Exercise: Would you count how many lines of the entries below include the word "mathcomp"? Give nothing but the number.

Content starts

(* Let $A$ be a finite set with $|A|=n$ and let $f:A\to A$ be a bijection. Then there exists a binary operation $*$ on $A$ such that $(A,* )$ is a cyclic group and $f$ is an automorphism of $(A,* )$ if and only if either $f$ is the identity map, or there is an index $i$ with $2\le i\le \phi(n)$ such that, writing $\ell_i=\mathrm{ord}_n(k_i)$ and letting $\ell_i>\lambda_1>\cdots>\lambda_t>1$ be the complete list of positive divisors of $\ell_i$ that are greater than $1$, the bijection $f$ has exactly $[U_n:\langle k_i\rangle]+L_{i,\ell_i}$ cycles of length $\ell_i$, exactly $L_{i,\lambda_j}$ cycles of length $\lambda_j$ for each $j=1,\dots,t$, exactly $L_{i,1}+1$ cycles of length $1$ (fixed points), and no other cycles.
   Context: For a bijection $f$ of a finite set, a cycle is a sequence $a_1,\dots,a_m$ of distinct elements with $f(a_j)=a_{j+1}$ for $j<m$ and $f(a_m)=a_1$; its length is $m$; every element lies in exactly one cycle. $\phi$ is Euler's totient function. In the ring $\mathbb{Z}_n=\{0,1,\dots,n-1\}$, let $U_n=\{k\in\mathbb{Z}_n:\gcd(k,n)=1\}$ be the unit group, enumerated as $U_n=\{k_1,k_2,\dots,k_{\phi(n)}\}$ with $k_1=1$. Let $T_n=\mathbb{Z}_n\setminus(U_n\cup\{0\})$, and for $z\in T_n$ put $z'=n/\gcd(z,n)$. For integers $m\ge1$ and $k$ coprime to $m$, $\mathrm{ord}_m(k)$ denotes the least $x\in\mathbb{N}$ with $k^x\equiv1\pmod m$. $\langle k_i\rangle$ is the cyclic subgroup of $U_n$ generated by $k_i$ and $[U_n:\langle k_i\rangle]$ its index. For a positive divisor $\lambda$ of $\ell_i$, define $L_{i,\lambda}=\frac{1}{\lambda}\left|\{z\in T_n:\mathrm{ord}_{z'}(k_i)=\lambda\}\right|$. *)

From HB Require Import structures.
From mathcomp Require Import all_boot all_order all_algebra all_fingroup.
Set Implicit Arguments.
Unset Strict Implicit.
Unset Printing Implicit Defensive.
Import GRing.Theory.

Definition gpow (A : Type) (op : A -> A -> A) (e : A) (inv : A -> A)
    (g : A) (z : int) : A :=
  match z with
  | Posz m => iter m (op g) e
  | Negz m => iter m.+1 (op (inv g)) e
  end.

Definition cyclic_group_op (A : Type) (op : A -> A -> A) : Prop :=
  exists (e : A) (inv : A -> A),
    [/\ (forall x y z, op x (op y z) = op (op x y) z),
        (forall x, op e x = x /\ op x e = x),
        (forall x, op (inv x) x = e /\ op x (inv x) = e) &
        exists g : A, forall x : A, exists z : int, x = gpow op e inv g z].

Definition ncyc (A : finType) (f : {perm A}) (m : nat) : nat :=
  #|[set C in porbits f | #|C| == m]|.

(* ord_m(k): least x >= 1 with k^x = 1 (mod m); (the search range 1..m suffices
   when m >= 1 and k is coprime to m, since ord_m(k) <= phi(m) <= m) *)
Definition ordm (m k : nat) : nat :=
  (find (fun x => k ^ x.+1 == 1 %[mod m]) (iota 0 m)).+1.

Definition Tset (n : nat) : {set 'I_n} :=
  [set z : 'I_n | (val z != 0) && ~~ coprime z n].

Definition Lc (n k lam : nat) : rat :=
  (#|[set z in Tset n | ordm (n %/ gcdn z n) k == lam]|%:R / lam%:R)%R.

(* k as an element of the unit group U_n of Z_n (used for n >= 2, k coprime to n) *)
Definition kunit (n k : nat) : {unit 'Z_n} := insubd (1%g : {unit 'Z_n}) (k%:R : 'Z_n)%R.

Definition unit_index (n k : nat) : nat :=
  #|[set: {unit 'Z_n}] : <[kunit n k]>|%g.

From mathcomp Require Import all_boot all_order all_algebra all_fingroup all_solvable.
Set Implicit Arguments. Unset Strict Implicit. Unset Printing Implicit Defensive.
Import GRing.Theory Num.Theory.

Content ends
Content starts

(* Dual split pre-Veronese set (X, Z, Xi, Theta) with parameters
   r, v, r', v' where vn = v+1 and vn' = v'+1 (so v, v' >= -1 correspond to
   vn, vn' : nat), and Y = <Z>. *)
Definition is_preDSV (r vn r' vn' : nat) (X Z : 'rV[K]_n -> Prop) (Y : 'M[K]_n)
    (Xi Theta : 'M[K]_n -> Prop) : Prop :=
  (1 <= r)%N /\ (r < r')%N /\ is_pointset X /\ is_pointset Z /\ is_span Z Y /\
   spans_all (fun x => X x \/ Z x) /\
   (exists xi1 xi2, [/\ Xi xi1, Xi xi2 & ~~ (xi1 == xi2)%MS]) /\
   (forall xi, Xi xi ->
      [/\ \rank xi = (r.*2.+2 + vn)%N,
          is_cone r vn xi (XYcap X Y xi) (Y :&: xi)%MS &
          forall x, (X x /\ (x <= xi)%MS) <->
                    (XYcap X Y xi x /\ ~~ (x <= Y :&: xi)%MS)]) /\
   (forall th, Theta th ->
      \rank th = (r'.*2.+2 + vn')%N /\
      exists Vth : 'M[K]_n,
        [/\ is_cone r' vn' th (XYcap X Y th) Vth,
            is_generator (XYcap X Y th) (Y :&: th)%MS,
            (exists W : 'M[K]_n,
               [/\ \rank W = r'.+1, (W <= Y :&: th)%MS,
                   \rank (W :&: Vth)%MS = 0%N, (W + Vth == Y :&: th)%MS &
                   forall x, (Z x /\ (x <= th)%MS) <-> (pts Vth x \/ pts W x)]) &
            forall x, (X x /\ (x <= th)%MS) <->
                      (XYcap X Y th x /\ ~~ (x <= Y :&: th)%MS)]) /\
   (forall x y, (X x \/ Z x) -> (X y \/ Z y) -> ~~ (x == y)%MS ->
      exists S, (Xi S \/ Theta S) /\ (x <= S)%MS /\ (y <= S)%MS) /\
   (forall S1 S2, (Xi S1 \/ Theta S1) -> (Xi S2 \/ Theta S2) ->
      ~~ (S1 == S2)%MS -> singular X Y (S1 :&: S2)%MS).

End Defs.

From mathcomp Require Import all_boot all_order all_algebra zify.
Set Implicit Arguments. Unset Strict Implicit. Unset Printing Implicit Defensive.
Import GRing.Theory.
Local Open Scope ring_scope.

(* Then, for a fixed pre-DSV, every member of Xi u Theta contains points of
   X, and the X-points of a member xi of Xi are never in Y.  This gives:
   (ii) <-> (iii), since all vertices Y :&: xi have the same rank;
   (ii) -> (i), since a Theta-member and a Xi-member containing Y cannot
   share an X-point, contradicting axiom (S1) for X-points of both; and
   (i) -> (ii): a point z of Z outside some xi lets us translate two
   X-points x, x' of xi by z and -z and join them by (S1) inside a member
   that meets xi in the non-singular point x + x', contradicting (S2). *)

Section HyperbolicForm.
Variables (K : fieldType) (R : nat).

Content ends

Your solution: 3